From the top of the entries below through the line containing "L2nu T nu Th (cF c)", return every line exactly as written, please, and stop there.

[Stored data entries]
►
Definition coef_adm (c : coef R n m) : Prop :=
  [/\ [/\ mx_bounded T (cA c), mx_bounded T (cAb c), mx_bounded T (cB c) &
      mx_bounded T (cBb c)], [/\ mx_bounded T (cC c), mx_bounded T (cCb c),
      mx_bounded T (cD c) & mx_bounded T (cDb c)] &
   [/\ L2nu T nu Th (cE c), L2nu T nu Th (cEb c),
       L2nu T nu Th (cF c) & L2nu T nu Th (cFb c)]].

Definition weight_adm (w : weight R n m) : Prop :=
  [/\ (forall t, 0 <= t <= T -> [/\ symmx (wQ w t), symmx (wQb w t),
                                   symmx (wR w t) & symmx (wRb w t)]),
      [/\ mx_bounded T (wQ w), mx_bounded T (wQb w), mx_bounded T (wS w) &
      mx_bounded T (wSb w)], mx_bounded T (wR w), mx_bounded T (wRb w) &
      symmx (wG w) /\ symmx (wGb w)].

Definition assumptionS (w : weight R n m) : Prop :=
  exists2 a0 : R, 0 < a0 &
  (forall t, 0 <= t <= T ->
    [/\ mx_ge_scalar (wR w t) a0, mx_ge_scalar (wR w t + wRb w t) a0,
        psdmx (wQ w t - wS w t *m invmx (wR w t) *m (wS w t)^T) &
        psdmx (wQ w t + wQb w t - (wS w t + wSb w t)
                 *m invmx (wR w t + wRb w t) *m (wS w t + wSb w t)^T)])
  /\ psdmx (wG w) /\ psdmx (wG w + wGb w).

Definition ricSigma0 (c : coef R n m) (w : weight R n m) t (P : 'M[R]_n) : 'M[R]_m :=
  wR w t + (cD c t)^T *m P *m cD c t
  + mxint nu Th (fun th => (cF c t th)^T *m P *m cF c t th).

Definition ricSigma1 (c : coef R n m) (w : weight R n m) t (P : 'M[R]_n) : 'M[R]_m :=
  wR w t + wRb w t + (cD c t + cDb c t)^T *m P *m (cD c t + cDb c t)
  + mxint nu Th (fun th => (cF c t th + cFb c t th)^T *m P
                            *m (cF c t th + cFb c t th)).

(** left-hand side of the first Riccati equation, dP standing for \dot P_t *)
Definition ric1_lhs (c : coef R n m) (w : weight R n m) t (P dP : 'M[R]_n)
  : 'M[R]_n :=
  dP + P *m cA c t + (cA c t)^T *m P + (cC c t)^T *m P *m cC c t
  + mxint nu Th (fun th => (cE c t th)^T *m P *m cE c t th) + wQ w t
  - (wS w t + P *m cB c t + (cC c t)^T *m P *m cD c t
     + mxint nu Th (fun th => (cE c t th)^T *m P *m cF c t th))
    *m invmx (ricSigma0 c w t P)
    *m ((wS w t)^T + (cB c t)^T *m P + (cD c t)^T *m P *m cC c t
        + mxint nu Th (fun th => (cF c t th)^T *m P *m cE c t th)).

Definition ric1_terminal (w : weight R n m) : 'M[R]_n := wG w.

(** left-hand side of the second Riccati equation, dPi standing for \dot Pi_t *)
Definition ric2_lhs (c : coef R n m) (w : weight R n m) t (P Pi dPi : 'M[R]_n)
  : 'M[R]_n :=
  let AA := cA c t + cAb c t in
  let BB := cB c t + cBb c t in
  let CC := cC c t + cCb c t in
  let DD := cD c t + cDb c t in
  let EE := fun th => cE c t th + cEb c t th in
  let FF := fun th => cF c t th + cFb c t th in
  let SS := wS w t + wSb w t in
  dPi + Pi *m AA + AA^T *m Pi + CC^T *m P *m CC
  + mxint nu Th (fun th => (EE th)^T *m P *m EE th) + (wQ w t + wQb w t)
  - (SS + Pi *m BB + CC^T *m P *m DD
     + mxint nu Th (fun th => (EE th)^T *m P *m FF th))
    *m invmx (ricSigma1 c w t P)
    *m (SS^T + BB^T *m Pi + DD^T *m P *m CC
        + mxint nu Th (fun th => (FF th)^T *m P *m EE th)).

Definition ric2_terminal (w : weight R n m) : 'M[R]_n := wG w + wGb w.

Definition ric_coef1 (c : coef R n m) (w : weight R n m) : coef R n m :=
  let Ri t := invmx (wR w t) in
  let RRi t := invmx (wR w t + wRb w t) in
  let SS t := wS w t + wSb w t in
  let A1 t := cA c t - cB c t *m Ri t *m (wS w t)^T in
  let C1 t := cC c t - cD c t *m Ri t *m (wS w t)^T in
  let E1 t th := cE c t th - cF c t th *m Ri t *m (wS w t)^T in
  Coef
    A1
    (fun t => cA c t + cAb c t - (cB c t + cBb c t) *m RRi t *m (SS t)^T - A1 t)
    (cB c) (cBb c)
    C1
    (fun t => cC c t + cCb c t - (cD c t + cDb c t) *m RRi t *m (SS t)^T - C1 t)
    (cD c) (cDb c)
    E1
    (fun t th => cE c t th + cEb c t th
                 - (cF c t th + cFb c t th) *m RRi t *m (SS t)^T - E1 t th)
    (cF c) (cFb c).

Definition ric_weight1 (w : weight R n m) : weight R n m :=
  let Q1 t := wQ w t - wS w t *m invmx (wR w t) *m (wS w t)^T in
  Weight
    Q1
    (fun t => wQ w t + wQb w t - (wS w t + wSb w t)
                *m invmx (wR w t + wRb w t) *m (wS w t + wSb w t)^T - Q1 t)
    (fun _ => 0) (fun _ => 0) (wR w) (wRb w) (wG w) (wGb w).
End Ric.

From HB Require Import structures.
From mathcomp Require Import all_boot all_order all_algebra.
From mathcomp Require Import all_classical all_reals all_analysis.
From mathcomp Require Import measurable_realfun ring lra.
Set Implicit Arguments. Unset Strict Implicit. Unset Printing Implicit Defensive.
Import Order.TTheory GRing.Theory Num.Theory.
Local Open Scope classical_set_scope.
Local Open Scope ring_scope.

(* Both Riccati equations are instances of one operator H - L Sg^-1 M with
   Sg = R + D^T P D + \int F^T P F, where H, L, M collect the remaining terms.
   Replacing A, C, E by A - B X, C - D X, E - F X, Q by Q - S X and S by 0,
   for the feedback gain X = R^-1 S^T, leaves Sg unchanged and turns (H, L, M)
   into (H - L X - X^T M + X^T Sg X, L - X^T Sg, M - Sg X); completing the
   square shows that H - L Sg^-1 M is invariant.  The jump integrals follow
   this substitution linearly because the entries of E and F are square
   integrable, so every product occurring in them is integrable.
   Assumption (S) enters only through the invertibility of R and R + Rb. *)

Lemma addmxE (R : nmodType) k l (A B : 'M[R]_(k, l)) i j :
  (A + B) i j = A i j + B i j.
Proof. by rewrite mxE. Qed.

Lemma oppmxE (R : zmodType) k l (A : 'M[R]_(k, l)) i j : (- A) i j = - A i j.
Proof. by rewrite mxE. Qed.

(* Entrywise [ring], with the entries of matrix products kept as atoms. *)
Ltac mx_additive_ring := apply/matrixP => ? ?; rewrite ?(addmxE, oppmxE); ring.

Section RiccatiForm.
Variables (R : comUnitRingType) (k l : nat).

Lemma schur_complement_feedback (H : 'M[R]_k) (L : 'M[R]_(k, l))
    (M X : 'M[R]_(l, k)) (Sg : 'M[R]_l) : Sg \in unitmx ->
  (H - L *m X - X^T *m M + X^T *m Sg *m X)
    - (L - X^T *m Sg) *m invmx Sg *m (M - Sg *m X)
  = H - L *m invmx Sg *m M.
Proof.
move=> uSg.
have SgK p (Y : 'M[R]_(p, l)) : Y *m Sg *m invmx Sg = Y.
  by rewrite -mulmxA mulmxV ?mulmx1.
have SgVK p (Y : 'M[R]_(p, l)) : Y *m invmx Sg *m Sg = Y.
  by rewrite -mulmxA mulVmx ?mulmx1.
rewrite !mulmxBl !mulmxBr !mulmxA !SgK !SgVK.
mx_additive_ring.
Qed.

Definition riccati_form (dP P1 P A : 'M[R]_k) (B : 'M[R]_(k, l)) (C : 'M[R]_k)
    (D : 'M[R]_(k, l)) (Q : 'M[R]_k) (S : 'M[R]_(k, l)) (Rm : 'M[R]_l)
    (Iee : 'M[R]_k) (Ief : 'M[R]_(k, l)) (Ife : 'M[R]_(l, k)) (Iff : 'M[R]_l)
    : 'M[R]_k :=
  dP + P1 *m A + A^T *m P1 + C^T *m P *m C + Iee + Q
  - (S + P1 *m B + C^T *m P *m D + Ief) *m invmx (Rm + D^T *m P *m D + Iff)
    *m (S^T + B^T *m P1 + D^T *m P *m C + Ife).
◄
◆ RESULT:
Definition coef_adm (c : coef R n m) : Prop :=
  [/\ [/\ mx_bounded T (cA c), mx_bounded T (cAb c), mx_bounded T (cB c) &
      mx_bounded T (cBb c)], [/\ mx_bounded T (cC c), mx_bounded T (cCb c),
      mx_bounded T (cD c) & mx_bounded T (cDb c)] &
   [/\ L2nu T nu Th (cE c), L2nu T nu Th (cEb c),
       L2nu T nu Th (cF c) & L2nu T nu Th (cFb c)]].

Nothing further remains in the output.